Maoni0 commented 5 years ago

I don't think this belongs to area-gc... @RussKeldorph which area should this goto?

RussKeldorph commented 5 years ago

@tarekgh Could someone in CoreFX look at this since it appears to be specific to this System.Globalization code, which is doing stackallocs and P/Invoking to native code, among other things?

RussKeldorph commented 5 years ago

@danmosemsft

danmoseley commented 5 years ago

@adamsitnik

adamsitnik commented 5 years ago

I have taken a look at both methods:

In GetHashCodeOfStringCore we allocate a block of memory of a const size on the stack:

https://github.com/dotnet/coreclr/blob/9b0dcaa4bbf1440132cdbb3dfcc950afaef04656/src/System.Private.CoreLib/shared/System/Globalization/CompareInfo.Unix.cs#L855-L856

pin it (the span can be also an array from ArrayPool) and then send it to a native method providing a proper length:

https://github.com/dotnet/coreclr/blob/9b0dcaa4bbf1440132cdbb3dfcc950afaef04656/src/System.Private.CoreLib/shared/System/Globalization/CompareInfo.Unix.cs#L863

In GetAsciiCore we allocate a block of memory of a variable size on the stack:

https://github.com/dotnet/coreclr/blob/9773db1e7b1acb3ec75c9cc0e36bd62dcbacd6d5/src/System.Private.CoreLib/shared/System/Globalization/IdnMapping.Unix.cs#L19-L26

and also send it to a native method providing a proper length:

https://github.com/dotnet/coreclr/blob/9773db1e7b1acb3ec75c9cc0e36bd62dcbacd6d5/src/System.Private.CoreLib/shared/System/Globalization/IdnMapping.Unix.cs#L27

So it looks like from the managed code perspective we don't have any buffer overrun.

I am not an expert (I had to find out what GS Cookie really is) but is it not more a code-gen issue? Similar to https://github.com/dotnet/coreclr/pull/15087 ?

tarekgh commented 5 years ago

@RussKeldorph I believe this is something more related to the runtime and specific to arm-32 . This is not specific to Globalization tests only but it also Collections, and System.Data. I have changed the tag to code-gen which would be reasonable to have them take a look.

wfurt commented 5 years ago

I'm out of office until 7/25 @RussKeldorph. It seems like @adamsitnik has good handle on this.
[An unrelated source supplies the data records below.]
Lemma expansion_coef_unique a b v :
  sums_to (expansion a) v -> sums_to (expansion b) v -> forall q, b q = a q.
Proof.
move=> va vb; have [La aLa] := expansion_lower_bound va.
have [Lb bLb] := expansion_lower_bound vb.
pose L := minN La Lb.
have aL q : a q != 0 -> leN L q.2 by move/aLa; apply: minN_l.
have bL q : b q != 0 -> leN L q.2 by move/bLb; apply: minN_r.
suff ab_eq g N n : (depth L n < N)%N -> b (g + n *m B, n) = a (g + n *m B, n).
  by move=> [m n]; have := ab_eq (m - n *m B) _ n (ltnSn _); rewrite subrK.
elim: N n => // N IH n n_lt.
have [Ln | not_Ln] := boolP (leN L n); last first.
  by rewrite (contraNeq (@bL (_, n)) not_Ln) (contraNeq (@aL (_, n)) not_Ln).
have sums_eq : \sum_(n' <- box L n | n' != n) b (g + n' *m B, n') * tri_coef g n' n
             = \sum_(n' <- box L n | n' != n) a (g + n' *m B, n') * tri_coef g n' n.
  rewrite big_seq_cond [RHS]big_seq_cond; apply: eq_bigr => n' /andP[].
  rewrite mem_box => /andP[Ln' n'_n] n'_neq.
  by rewrite IH // (leq_trans (depth_lt Ln' n'_n n'_neq) n_lt).
have := sums_to_expansion_tri vb bL g Ln.
by rewrite (sums_to_expansion_tri va aL g Ln) sums_eq => /addIr.
Qed.

Section Existence.

Variables (v : Aelt K k) (S : seq (latt k)) (L : latt k).
Hypothesis v_supp : supported_in S L v.

(* Back-substitution in the unitriangular system; the fuel f only has to
   exceed the depth of n above L, see [coef_rec_fuel]. *)
Fixpoint coef_rec (f : nat) (g n : latt k) {struct f} : K :=
  if f is f'.+1 then
    v g n - \sum_(n' <- box L n | n' != n) coef_rec f' g n' * tri_coef g n' n
  else 0.

Lemma coef_rec_fuel g f f' n : (depth L n < f)%N -> (depth L n < f')%N ->
  coef_rec f g n = coef_rec f' g n.
Proof.
elim: f f' n => [|f IH] [|f'] n //= n_f n_f'; congr (_ - _).
rewrite big_seq_cond [RHS]big_seq_cond; apply: eq_bigr => n' /andP[].
rewrite mem_box => /andP[Ln' n'_n] n'_neq; have := depth_lt Ln' n'_n n'_neq.
by move=> lt_n'; rewrite (IH f') // (leq_trans lt_n').
Qed.

Definition coef (q : latt k * latt k) : K :=
  let g := q.1 - q.2 *m B in
  if (g \in S) && leN L q.2 then coef_rec (depth L q.2).+1 g q.2 else 0.

Lemma coef_neq0 q : coef q != 0 -> ((q.1 - q.2 *m B) \in S) && leN L q.2.
Proof. by rewrite /coef; case: ifP; rewrite ?eqxx. Qed.

Lemma coefE g n :
  coef (g + n *m B, n) = if (g \in S) && leN L n then coef_rec (depth L n).+1 g n else 0.
Proof. by rewrite /coef /= addrK. Qed.

Lemma coef_back_subst g n : g \in S -> leN L n ->
  coef (g + n *m B, n) =
  v g n - \sum_(n' <- box L n | n' != n) coef (g + n' *m B, n') * tri_coef g n' n.
Proof.
move=> gS Ln; rewrite coefE gS Ln /=; congr (_ - _).
rewrite big_seq_cond [RHS]big_seq_cond; apply: eq_bigr => n' /andP[].
rewrite mem_box => /andP[Ln' n'_n] n'_neq.
rewrite coefE gS Ln' (@coef_rec_fuel g (depth L n').+1 (depth L n)) //.
exact: depth_lt Ln' n'_n n'_neq.
Qed.

Lemma sums_to_expansion_coef : sums_to (expansion coef) v.
Proof.
split; [|split].
- exists S => q m n /expansion_neq0[/coef_neq0/andP[qS _] q1 _].
  by rewrite q1 addrK in qS.
- exists L => q m n /expansion_neq0[/coef_neq0/andP[_ Lq] _]; exact: leN_trans.
move=> g n; exists [seq (g + n' *m B, n') | n' <- box L n]; split.
- by rewrite map_inj_uniq ?box_uniq // => x y /(congr1 snd).
- move=> [m n'] /expansion_neq0[/coef_neq0/andP[_ Ln'] /= -> n'_n].
  by apply/mapP; exists n'; rewrite ?mem_box ?Ln'.
rewrite big_map; under eq_bigr => n' _ do rewrite expansionE -/(tri_coef g n' n).
have [/andP[gS Ln] | not_gSLn] := boolP ((g \in S) && leN L n).
  have n_box : n \in box L n by rewrite mem_box leN_refl Ln.
  rewrite (bigD1_seq n) ?box_uniq //= coef_back_subst //.
  by rewrite /tri_coef subrr theta_const mulr1 subrK.
rewrite (_ : v g n = 0); last by apply/eqP; apply: contraNT not_gSLn => /v_supp[-> ->].
rewrite big_seq big1 // => n'; rewrite mem_box => /andP[Ln' n'_n].
rewrite coefE; case: ifP => [/andP[gS _] | _]; last by rewrite mul0r.
by move: not_gSLn; rewrite gS (leN_trans Ln' n'_n).
Qed.

End Existence.

End ThetaExpansion.

Theorem mainTheorem4 (K : fieldType) (k l : nat) (B : 'M[int]_k)
    (Bfr : 'M[int]_(k, l)) (d : 'I_k -> nat) :
  [pchar K] =i pred0 ->
  skew_symmetrizable B d ->
  nondegenerate_coeffs Bfr ->
  forall theta : latt k -> Aelt K k,
    theta_props B theta ->
    reduced_basis B (in_can B theta) theta.
Proof.
move=> _ _ _ theta [theta_series_const _].
have theta_series m : in_zm_series m (theta m) by case: (theta_series_const m).
have theta_const m : theta m m 0 = 1 by case: (theta_series_const m).
split=> [m | // | v /(in_can_supported theta_series) [S [L v_supp]]]; first exact: can_theta.
have v_sum := sums_to_expansion_coef B theta_series theta_const v_supp.
exists (coef B theta v S L); split=> // b b_sum q.
exact: (expansion_coef_unique theta_series theta_const (b := b) v_sum b_sum).
Qed.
BruceForstall commented 5 years ago

I tried to reproduce the GetAsciiCore problem, but was unable to. Actually, when running the GetAscii_Success test, it never even JITs GetAscii or GetAscii core, so it seems my build doesn't return anything in the "Where" clause here:

 public void GetAscii_Success()
 {
     Assert.All(Factory.GetDataset().Where(e => e.ASCIIResult.Success), entry =>

BruceForstall commented 5 years ago

@tarekgh @adamsitnik It appears the System.Globalization.IdnMapping.GetAsciiCore api ends up calling a platform-specific install of libicuuc. Is this just expected to exist on the platform? This could presumably differ by architecture/OS, right? So potentially this could be a platform-specific native code bug in this external library?

BruceForstall commented 5 years ago

fwiw, I also don't see GetHashCodeOfStringCore JIT in runs of System.Collections.Specialized.Tests and System.Data.Common.Tests, so I'm not sure what I'm doing wrong here.

tarekgh commented 5 years ago

It appears the System.Globalization.IdnMapping.GetAsciiCore api ends up calling a platform-specific install of libicuuc.

The whole Globalization depends on ICU library. This is not different than other dependencies like openssl or crypto. Do you mean the native ICU library call can result in writing on the stack? this seams unlikely but I cannot tell for sure this is happening. I guess if this happen, we would see the problem in many other places as the IDNA code is used by the networking stack for instance. If it is possible we can break on the memory when the GS cookie got overwritten that can make it easier to know who is doing that. is this something can easily be done?

janvorli commented 5 years ago

I am back from my vacation, so I can continue looking into the issue.

BruceForstall commented 5 years ago

@tarekgh Hopefully Jan can make progress investigating this, but he said above:

but the functions with corrupted GS cookies are called many times before the issue reproes, so I cannot use something as simple as memory watchpoint to find who's corrupting the cookie.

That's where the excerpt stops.